Background Information

image
  1. Configure routine monitoring and alerting: You can configure alert rules based on GPU metrics (ACK GPU Monitoring 2.0) and events (ACK Node Problem Detector) based on your business requirements. When a fault occurs on a GPU, the system triggers an alert at the earliest opportunity. This improves the responsiveness of your system to GPU faults.

  2. Container Intelligence Service (CIS)-assisted diagnostics and analytics: When a fault occurs on a GPU, the relevant GPU alerts or events may provide limited information for the GPU status and the details of the fault. In this case, you can use CIS to diagnose the node to which the faulty GPU belongs or the pod that uses the faulty GPU. CIS generates a diagnosis report that provides detailed information about the fault. The detailed information helps you identify the type of the fault and select suitable solutions to fix the fault.

  3. Fault isolation and recovery: To mitigate the impact of specific faults, ACK allows you to enable node isolation and GPU isolation. After the fault is fixed, you can cancel the isolation to run your applications as normal.

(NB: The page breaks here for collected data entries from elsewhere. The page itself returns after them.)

Lemma eventually_periodic_tournament_partition : exists (k : nat) (blk : X -> nat),
  (forall y, blk y < k) /\ (forall i, i < k -> good_block R (fun y => blk y = i)).
Proof.
have [T0 absent_or_unb] :=
  eventually_absent_or_unbounded (fun r n => exists y, idx y = n /\ n %% M = r) M.
pose T' := maxn T0 T.
pose c y := if idx y < T' then idx y else T' + idx y %% M.
apply: (@good_partition_of_colouring _ _ c (T' + M)) => [y | y].
  by rewrite /c; case: ifP => [/ltn_addr | _]; rewrite ?ltn_add2l ?ltn_pmod.
rewrite {2}/c; case: (ltnP (idx y) T') => [small_y | large_y].
  left; exists y => z; split=> [| -> ]; last by rewrite /c small_y.
  rewrite /c; case: ifP => [_ /(can_inj idxK) // | _ eq_y].
  by rewrite -eq_y ltnNge leq_addr in small_y.
have -> : (fun z => c z = T' + idx y %% M) = (fun z => T' <= idx z /\ idx z %% M = idx y %% M).
  by apply/funext => z; apply/propext; rewrite /c; case: ifP; lia.
apply: residue_class_good_block; first exact: leq_maxr.
have [unb | absent] := absent_or_unb _ (ltn_pmod (idx y) M_gt0).
  move=> b; have [n le_bn [z [idx_z rz]]] := unb (maxn b T'); subst n.
  exists z; first exact: leq_trans (leq_maxl b T') le_bn.
  by split=> //; exact: leq_trans (leq_maxr b T') le_bn.
by case: (absent (idx y)); [exact: leq_trans (leq_maxl T0 T) large_y | exists y].
Qed.

End EventuallyPeriodicTournament.

Theorem corollary5p14 (X : Type) (R : X -> X -> Prop) :
  tournament R -> unary_FA_presentable R ->
  exists (k : nat) (blk : X -> nat),
    (forall y, blk y < k) /\
    (forall i, i < k -> good_block R (fun y => blk y = i)).
Proof.
move=> tourR /unary_presentable_eventually_periodic[idx [pre [T [M [idxK M_gt0 perR]]]]].
exact: eventually_periodic_tournament_partition tourR idxK M_gt0 perR.
Qed.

Step 1: Configure routine monitoring and alerting

Node Problem Detector (NPD) supports regular GPU inspections and helps you detect GPU faults. You can specify contacts to receive alerts when NPD detects GPU faults.

  1. Log on to the ACK console. In the left navigation pane, click Clusters.

  2. On the Clusters page, find the one you want to manage and click its name. In the left navigation pane, click Add-ons.

  3. On the Add-ons page, search for ack-node-problem-detector and click Install after it appears.

    Note

    If you have previously installed the component, make sure that the version is 1.2.20 or later. For more information, see ack-node-problem-detector.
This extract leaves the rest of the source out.